**Task to complete:**
All that is wanted is a word-for-word copy of the data from its first line to the line containing "Set Implicit Arguments.", both included.

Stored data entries
End Defs.
Arguments paracompact : clear implicits.
Arguments hurewicz : clear implicits.
Arguments star_hurewicz : clear implicits.
Arguments strongly_star_hurewicz : clear implicits.
Arguments set_star_hurewicz : clear implicits.
Arguments set_strongly_star_hurewicz : clear implicits.

From mathcomp Require Import all_boot all_order.
From mathcomp Require Import all_classical all_reals all_analysis.
Set Implicit Arguments. Unset Strict Implicit. Unset Printing Implicit Defensive.
Local Open Scope classical_set_scope.

(* The implications
     Hurewicz -> set strongly star Hurewicz -> strongly star Hurewicz -> star Hurewicz,
     set strongly star Hurewicz -> set star Hurewicz -> star Hurewicz
   hold in every space (section StarVariants).  For the first one, enlarge
   each family by the open set X \ cl(A), apply Hurewicz, and pick a point of
   cl(A) in each chosen member meeting cl(A); finite sets of points are turned
   into finite subfamilies by choosing a member through each point
   (points_to_members); the "set" variants specialise to A = X.

   The only implication needing the hypotheses is star Hurewicz -> Hurewicz
   (section ParacompactHausdorff).  It rests on the classical fact that every
   open cover of a paracompact Hausdorff space has an open star refinement:
   such a space is regular, so every open cover has a locally finite open
   refinement whose closures still refine it; from it we build a point-star
   refinement, and a point-star refinement of a point-star refinement is a
   star refinement.  Applying star Hurewicz to star refinements of the U n,
   the star of each chosen member lies in one member of U n. *)

Lemma near_all_finite (T : Type) (F : set_system T) (I : choiceType) (S : set I)
    (P : I -> T -> Prop) : Filter F -> finite_set S ->
  (forall i, S i -> \forall z \near F, P i z) ->
  \forall z \near F, forall i, S i -> P i z.
Proof.
move=> FF /finite_fsetP [D ->] evP.
apply: filterS (filter_bigI (D := D) (f := fun i => [set z | P i z]) FF _).
  by move=> z Pz i Di; exact: (Pz i Di).
by move=> i Di; exact: evP.
Qed.

Section StarVariants.
Variable X : topologicalType.

Lemma St_subl (F G : set X) (U : set (set X)) : F `<=` G -> St F U `<=` St G U.
Proof.
move=> FG x [V UV [Vx [p [Vp Fp]]]]; exists V => //; split => //.
by exists p; split => //; exact: FG.
Qed.

(* Finite sets of points of B can be traded for finite subfamilies of covers
   of B: pick for every point a member containing it; the star around the
   union of these members contains the star around the points. *)
Lemma points_to_members (U : nat -> set (set X)) (B : set X) (F : nat -> set X) :
  (forall n, covers (U n) B) -> (forall n, finite_set (F n) /\ F n `<=` B) ->
  exists Vs : nat -> set (set X), forall n,
    [/\ finite_set (Vs n), Vs n `<=` U n & St (F n) (U n) `<=` St (Union (Vs n)) (U n)].
Proof.
move=> UB FB.
have /choice [g gP] :
    forall n, exists h : X -> set X, forall p, B p -> U n (h p) /\ h p p.
  move=> n; have /choice [h hP] : forall p, exists V, B p -> U n V /\ V p.
    move=> p; have [Bp|nBp] := pselect (B p); last by exists set0.
    by have [V UV Vp] := UB n p Bp; exists V.
  by exists h.
exists (fun n => g n @` F n) => n; split.
- exact: finite_image (FB n).1.
- by move=> _ [p Fp <-]; exact: (gP n p ((FB n).2 p Fp)).1.
- apply: St_subl => p Fp.
  by exists (g n p); [exists p | exact: (gP n p ((FB n).2 p Fp)).2].
Qed.

Lemma add_closure_complement (U : set (set X)) (A : set X) :
  open_family U -> covers U (closure A) -> open_cover (U `|` [set ~` closure A]).
Proof.
move=> oU UA; split.
  move=> V [UV|->]; first exact: oU.
  exact/closed_openC/closed_closure.
move=> x _; have [Ax|nAx] := pselect (closure A x).
  by have [V UV Vx] := UA x Ax; exists V => //; left.
by exists (~` closure A) => //; right.
Qed.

**Answer space:**
End Defs.
Arguments paracompact : clear implicits.
Arguments hurewicz : clear implicits.
Arguments star_hurewicz : clear implicits.
Arguments strongly_star_hurewicz : clear implicits.
Arguments set_star_hurewicz : clear implicits.
Arguments set_strongly_star_hurewicz : clear implicits.

From mathcomp Require Import all_boot all_order.
From mathcomp Require Import all_classical all_reals all_analysis.
Set Implicit Arguments. Unset Strict Implicit. Unset Printing Implicit Defensive.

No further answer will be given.